The eponymously titled album opener provides a slow burning beginning with subtle piano textures and driving handclaps and bass. The single ‘Other Side’ follows next and is another slow builder with interjected Simmons drums and multi-layered vocals from Wood.
In the words of the band “This was one of those tracks that just had the feeling right from the start and expressed a kind of creative hope we were both feeling.” Slivers of vocal samples are intricately meshed with subtle synth lines, echoed percussion and a downtempo middle section which euphorically builds back into the chorus hook at the end.
What neatly differentiates KALEIDA from most of their electropop contemporaries is their refusal to rely upon ‘stock’ electronic sounds in their productions. Instead, keyboardist Goulder goes for a far more textured, reverb-driven approach and this certainly gives the band a more contemporary forward-looking edge with their production aesthetic. ‘The News’ is the most stripped back track on ‘Odyssey’; with the exception of some John Carpenter-style synth brass, the instrumentation is a mixture of pianos and strings and light reverbed drums.
‘Feed Us Some’ rhythmically takes its cues from Latin music with an opening syncopated piano bass riff and samples which cleverly take the listener on a virtual walk down a street with car horn sounds punctuating Wood’s vocals. The early half of the track is stripped back with an almost KRAFTWERK minimalism, there is no overproduction here and half-way through the introduction of a more electronic bass sound and reversed samples evoke the atmosphere of early UK Dubstep producer BURIAL. The South American vibe is continued to the track’s conclusion with more piano layers joining the production.
Just when it feels like ‘Odyssey’ would become overtly languid and downtempo, ‘Long Noon’ provides a welcome change of pace, upping the tempo with some 4/4 techno-styled drum machine programming and stabbing string synths. Wood’s “how long until your shadow meets the noon?” hook is arguably the strongest chorus vocal on the album and certainly helps to pull the album away from becoming too ambient and ‘backgroundy’ sounding.
After the slow-moving ‘Josephine’ and ‘Fake’, album closer ‘No Computer’ (possibly a dig at acts that get a little too sidetracked with their Digital Audio Workstations?) again re-shifts the album up a gear and introduces a Balearic electronic techno feel with Latin percussion.
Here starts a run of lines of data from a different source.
(* Let $n\ge1$ and let $\wp\in \mathrm{C}^{0,n+1}$ be a primitive idempotent, $E:=\mathrm{C}^{0,n+1}\wp$. Then $P_n:=\ker(\Phi: A_n\otimes_\mathbb{R} E\to A_n\otimes_\mathbb{R} E)$ is a finitely generated projective $A_n$-module and the restriction of the symmetric bilinear form $\hat\beta$ to $P_n$ is non-degenerate.
   Context: $A_n:=\mathbb{R}[x_0,\dots,x_n]/(\sum_i x_i^2-1)$. $\mathrm{C}^{0,n+1}$ is the real Clifford algebra generated by $e_0,\dots,e_n$ with $e_i^2=1$ and $e_ie_j=-e_je_i$ for $i\ne j$. $\Phi$ is the $A_n$-linear map $\Phi(a\otimes u)=\tfrac12\big(\sum_{i=0}^n x_ia\otimes e_iu + a\otimes u\big)$, i.e. left multiplication by $\tfrac12(\mathbf{x}+1)$ with $\mathbf{x}=\sum_i x_i\otimes e_i$ (it preserves $A_n\otimes E$). $\sigma$ is the canonical (reversing) involution of $\mathrm{C}^{0,n+1}$ ($\sigma(e_i)=e_i$, $\sigma(xy)=\sigma(y)\sigma(x)$), $\beta(x,y)=\operatorname{Tr}(\sigma(x)y)$ is the trace form on $\mathrm{C}^{0,n+1}$ (Tr the trace of left multiplication), and $\hat\beta(a\otimes x,b\otimes y):=ab\,\beta(x,y)$ on $A_n\otimes_\mathbb{R} E$. *)

From HB Require Import structures.
From mathcomp Require Import all_boot all_order all_algebra.
From mathcomp Require Import ring_quotient generic_quotient.
From mathcomp Require Import mpoly.
From mathcomp Require Import reals.
From Stdlib Require Import ClassicalEpsilon.

Set Implicit Arguments.
Unset Strict Implicit.
Unset Printing Implicit Defensive.

Import GRing.Theory.
Local Open Scope ring_scope.
Local Open Scope quotient_scope.

Section Sphere.
Variables (R : realType) (n : nat).

Definition sph_poly : {mpoly R[n.+1]} := \sum_(i < n.+1) 'X_i ^+ 2 - 1.

Definition sph_ideal : {pred {mpoly R[n.+1]}} := fun p =>
  if excluded_middle_informative (exists q, p = q * sph_poly) then true else false.

Lemma sph_idealP p : reflect (exists q, p = q * sph_poly) (p \in sph_ideal).
Proof.
rewrite unfold_in /sph_ideal.
by case: excluded_middle_informative => h; constructor.
Qed.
Featured sounds flit in and out and are swamped in large reverbs with the whole production beautifully mixed over the epic six minute length of its duration.
Throughout ‘Odyssey’, Christina Wood’s vocals are outstanding (not something that can be said of many current UK synth/electronic acts!), but are only hampered by how similar she sounds to other singers – the comparisons with Florence Welch and also in places Beth Gibbons from PORTISHEAD are hard to avoid making.
With electronic music becoming easier and easier to make with the proliferation of software and hardware available, what KALEIDA are doing here is admirable as they are trying hard not to follow the pack.
But those that do get sucked into their world will find much to love and the release of ‘Odyssey’ should see Wood and Goulder hopefully exposed to a much wider and more diverse audience.